Data extracts —

-=-=-

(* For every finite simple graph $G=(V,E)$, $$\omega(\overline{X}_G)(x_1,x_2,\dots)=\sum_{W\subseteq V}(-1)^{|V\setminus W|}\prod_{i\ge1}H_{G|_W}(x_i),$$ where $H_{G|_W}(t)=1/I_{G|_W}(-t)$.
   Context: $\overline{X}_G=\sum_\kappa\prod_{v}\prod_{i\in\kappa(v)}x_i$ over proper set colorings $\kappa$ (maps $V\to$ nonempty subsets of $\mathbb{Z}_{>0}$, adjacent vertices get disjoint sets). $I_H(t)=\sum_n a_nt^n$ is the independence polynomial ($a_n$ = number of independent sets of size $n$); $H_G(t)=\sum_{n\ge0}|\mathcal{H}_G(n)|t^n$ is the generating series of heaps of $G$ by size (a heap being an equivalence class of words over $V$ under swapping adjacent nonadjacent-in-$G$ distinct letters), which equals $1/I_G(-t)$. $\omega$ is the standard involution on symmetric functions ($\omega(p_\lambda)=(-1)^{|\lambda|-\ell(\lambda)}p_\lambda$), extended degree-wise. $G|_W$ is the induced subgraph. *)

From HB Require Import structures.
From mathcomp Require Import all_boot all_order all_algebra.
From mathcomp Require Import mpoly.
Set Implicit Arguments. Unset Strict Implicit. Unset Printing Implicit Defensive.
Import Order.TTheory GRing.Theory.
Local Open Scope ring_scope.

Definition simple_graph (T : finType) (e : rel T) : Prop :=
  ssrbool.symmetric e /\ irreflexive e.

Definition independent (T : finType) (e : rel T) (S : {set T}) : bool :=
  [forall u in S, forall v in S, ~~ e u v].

-=-=-

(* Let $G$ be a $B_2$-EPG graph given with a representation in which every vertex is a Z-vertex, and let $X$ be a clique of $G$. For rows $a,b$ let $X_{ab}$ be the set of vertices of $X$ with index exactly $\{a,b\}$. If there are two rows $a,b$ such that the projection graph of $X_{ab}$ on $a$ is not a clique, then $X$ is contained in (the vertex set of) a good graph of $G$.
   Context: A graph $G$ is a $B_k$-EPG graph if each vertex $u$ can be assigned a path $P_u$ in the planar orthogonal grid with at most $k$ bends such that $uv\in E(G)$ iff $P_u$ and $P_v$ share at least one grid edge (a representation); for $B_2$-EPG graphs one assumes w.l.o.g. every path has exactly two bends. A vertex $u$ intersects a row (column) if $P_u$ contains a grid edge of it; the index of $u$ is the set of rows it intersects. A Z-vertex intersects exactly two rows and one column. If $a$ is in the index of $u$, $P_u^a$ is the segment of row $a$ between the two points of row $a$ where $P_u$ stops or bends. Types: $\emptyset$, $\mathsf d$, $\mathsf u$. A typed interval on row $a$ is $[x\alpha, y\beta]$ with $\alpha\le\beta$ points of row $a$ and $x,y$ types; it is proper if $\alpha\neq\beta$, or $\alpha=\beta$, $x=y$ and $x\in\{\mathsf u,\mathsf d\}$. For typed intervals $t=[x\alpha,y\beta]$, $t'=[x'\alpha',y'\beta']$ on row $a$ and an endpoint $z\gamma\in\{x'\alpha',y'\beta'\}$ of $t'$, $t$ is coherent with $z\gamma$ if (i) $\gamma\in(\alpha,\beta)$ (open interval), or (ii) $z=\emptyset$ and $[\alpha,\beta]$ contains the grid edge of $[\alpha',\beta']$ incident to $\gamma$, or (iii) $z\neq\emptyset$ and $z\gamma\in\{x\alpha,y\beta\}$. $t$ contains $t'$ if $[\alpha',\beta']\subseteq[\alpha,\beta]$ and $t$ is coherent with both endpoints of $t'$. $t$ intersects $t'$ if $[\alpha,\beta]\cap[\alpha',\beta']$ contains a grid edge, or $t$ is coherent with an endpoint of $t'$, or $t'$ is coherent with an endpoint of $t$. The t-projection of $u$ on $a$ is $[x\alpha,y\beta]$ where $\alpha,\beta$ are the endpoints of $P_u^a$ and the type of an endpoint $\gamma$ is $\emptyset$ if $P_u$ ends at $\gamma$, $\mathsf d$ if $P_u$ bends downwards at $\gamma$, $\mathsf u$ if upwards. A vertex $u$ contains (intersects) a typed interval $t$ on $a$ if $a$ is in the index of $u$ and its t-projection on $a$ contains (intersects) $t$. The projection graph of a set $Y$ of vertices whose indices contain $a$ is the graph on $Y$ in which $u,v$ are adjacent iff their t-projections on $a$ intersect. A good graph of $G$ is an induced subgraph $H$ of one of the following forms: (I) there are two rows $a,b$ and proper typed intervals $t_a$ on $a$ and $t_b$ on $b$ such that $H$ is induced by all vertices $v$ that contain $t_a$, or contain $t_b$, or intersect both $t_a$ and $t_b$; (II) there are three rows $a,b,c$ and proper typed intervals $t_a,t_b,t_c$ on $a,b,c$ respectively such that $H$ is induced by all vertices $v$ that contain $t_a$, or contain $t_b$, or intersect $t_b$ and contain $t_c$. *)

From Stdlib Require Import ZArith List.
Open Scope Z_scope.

-=-=-

Exercise description — Using the data above, reproduce exactly the lines from the line that contains "Definition simple_graph (T" through the line that contains "[forall u in S, forall v in S, ~~ e u v].", including both.

Answer space —
Definition simple_graph (T : finType) (e : rel T) : Prop :=
  ssrbool.symmetric e /\ irreflexive e.

Definition independent (T : finType) (e : rel T) (S : {set T}) : bool :=
  [forall u in S, forall v in S, ~~ e u v].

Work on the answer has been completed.